[Records from a collection]
____

Lemma expected_grad_avg_le l :
  (\int[P]_w (frob2 (grad_avg gF qr topr eta mu tau X0 Qinit (fun s i => xi s i w) l))%:E
    <= G2%:E)%E.
Proof.
(* Through the sigma-algebras generated by the past and by the fresh samples, X_l and the
   fresh samples become the two coordinates of an independent pair. *)
pose F := cyl_sets xi (past_samples N l); pose G := cyl_sets xi (present_samples N l).
pose TF := g_sigma_algebraType F; pose TG := g_sigma_algebraType G.
pose X_l (x : TF) := (psgd_run gF qr topr eta mu tau X0 Qinit l (fun s i => xi s i x)).1.1.1.
pose phi (p : TF * TG) := frob2 ((N%:R)^-1 *: \sum_(i < N) gF (X_l p.1) (xi l i p.2)).
have past_meas s i : (s < l)%N -> measurable_fun setT (fun w : TF => xi s i w).
  move=> lt_sl _ B mB; rewrite setTI; apply: sub_sigma_algebra.
  by apply: cyl_sets_preimage; rewrite ?mem_past_samples.
have present_meas i : measurable_fun setT (fun w : TG => xi l i w).
  move=> _ B mB; rewrite setTI; apply: sub_sigma_algebra.
  by apply: cyl_sets_preimage; rewrite ?mem_present_samples.
have [X_l_meas _ _ _] := psgd_run_meas eta mu tau X0 Qinit gF_meas qr_meas topr_meas
  (smp := fun (w : TF) s i => xi s i w) past_meas.
have phi_meas : measurable_fun setT (EFin \o phi).
  apply/measurable_EFinP; apply: measurable_frob2; apply: rmx_measZ.
  apply: rmx_meas_sum => i; apply: gF_meas.
    by move=> a b; exact: measurableT_comp (X_l_meas a b) measurable_fst.
  exact: measurableT_comp (present_meas i) measurable_snd.
exact: (ge0_integral_indep_le (cyl_sets_meas xi_meas (s := past_samples N l))
          (cyl_sets_meas xi_meas (s := present_samples N l))
          (indep_past_present xi_meas xi_indep (l := l)) phi_meas (fun p => frob2_ge0 _)
          (fun x => second_moment_le l (X_l x))).
Qed.

Hypotheses (qrP : forall A, is_QR_factor A (qr A)) (toprP : forall A, is_top_left_sv A (topr A)).
Hypotheses (r_gt0 : (0 < r)%N) (le_rn : (r <= n)%N) (le_nm : (n <= m)%N).
Hypotheses (mu_ge0 : 0 <= mu) (mu_lt1 : mu < 1) (tau_gt0 : (0 < tau)%N) (G2_ge0 : 0 <= G2).

Lemma expected_momentum_le t :
  (\int[P]_w (frob2 (psgd_momentum gF qr topr eta mu tau X0 Qinit t (fun s i => xi s i w)))%:E
    <= ((tau%:R / (1 - restart_rate R n r) / (1 - mu)) ^+ 2 * G2)%:E)%E.
Proof.
set rho := restart_rate R n r; set K := tau%:R / (1 - rho) / (1 - mu).
have rho_ge0 : 0 <= rho := restart_rate_ge0 R r_gt0 le_rn.
have rho_lt1 : rho < 1 := restart_rate_lt1 R r_gt0 le_rn.
have K_ge0 : 0 <= K by rewrite !divr_ge0 ?ler0n // subr_ge0 ltW.
have run_meas k := psgd_run_meas eta mu tau X0 Qinit gF_meas qr_meas topr_meas
  (smp := fun w s i => xi s i w) (k := k) (fun s i _ => xi_meas s i).
apply: le_trans (ge0_integral_le_comb (H := t.+1) (c := fun l => K * mom_coef rho mu tau t.+1 l)
  (f := fun l w => frob2 (grad_avg gF qr topr eta mu tau X0 Qinit (fun s i => xi s i w) l))
  (b := G2) _ _ _ _ _ _ _) _.
- by move=> l; rewrite mulr_ge0 ?mom_coef_ge0.
- by move=> l w; exact: frob2_ge0.
- move=> l; have [mX _ _ _] := run_meas l; apply: measurable_frob2.
  by apply/rmx_measZ/rmx_meas_sum => i; apply: gF_meas.
- by have [_ _ mM _] := run_meas t.+1; exact: measurable_frob2.
- by move=> w; exact: frob2_ge0.
- move=> w; apply: le_trans (frob2_momentum_le gF eta X0 Qinit (fun s i => xi s i w) qrP toprP
                               r_gt0 le_rn le_nm mu_ge0 mu_lt1 tau_gt0 t) _.
  by rewrite mulr_sumr; apply: ler_sum => l _; rewrite mulrA.
- by move=> l; exact: expected_grad_avg_le.
rewrite lee_fin -mulr_sumr expr2 ler_wpM2r // ler_wpM2l //.
exact: sum_mom_coef_le rho_ge0 mu_ge0 rho_lt1 mu_lt1 tau_gt0 _ _.
Qed.

End ExpectedGradient.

____

WORK REQUEST:
Exact copies of the lines from the one holding "have rho_lt1 : rho" through the last line above, and only those, make up the answer.

ANSWER FOR THIS EXERCISE:
have rho_lt1 : rho < 1 := restart_rate_lt1 R r_gt0 le_rn.
have K_ge0 : 0 <= K by rewrite !divr_ge0 ?ler0n // subr_ge0 ltW.
have run_meas k := psgd_run_meas eta mu tau X0 Qinit gF_meas qr_meas topr_meas
  (smp := fun w s i => xi s i w) (k := k) (fun s i _ => xi_meas s i).
apply: le_trans (ge0_integral_le_comb (H := t.+1) (c := fun l => K * mom_coef rho mu tau t.+1 l)
  (f := fun l w => frob2 (grad_avg gF qr topr eta mu tau X0 Qinit (fun s i => xi s i w) l))
  (b := G2) _ _ _ _ _ _ _) _.
- by move=> l; rewrite mulr_ge0 ?mom_coef_ge0.
- by move=> l w; exact: frob2_ge0.
- move=> l; have [mX _ _ _] := run_meas l; apply: measurable_frob2.
  by apply/rmx_measZ/rmx_meas_sum => i; apply: gF_meas.
- by have [_ _ mM _] := run_meas t.+1; exact: measurable_frob2.
- by move=> w; exact: frob2_ge0.
- move=> w; apply: le_trans (frob2_momentum_le gF eta X0 Qinit (fun s i => xi s i w) qrP toprP
                               r_gt0 le_rn le_nm mu_ge0 mu_lt1 tau_gt0 t) _.
  by rewrite mulr_sumr; apply: ler_sum => l _; rewrite mulrA.
- by move=> l; exact: expected_grad_avg_le.
rewrite lee_fin -mulr_sumr expr2 ler_wpM2r // ler_wpM2l //.
exact: sum_mom_coef_le rho_ge0 mu_ge0 rho_lt1 mu_lt1 tau_gt0 _ _.
Qed.

End ExpectedGradient.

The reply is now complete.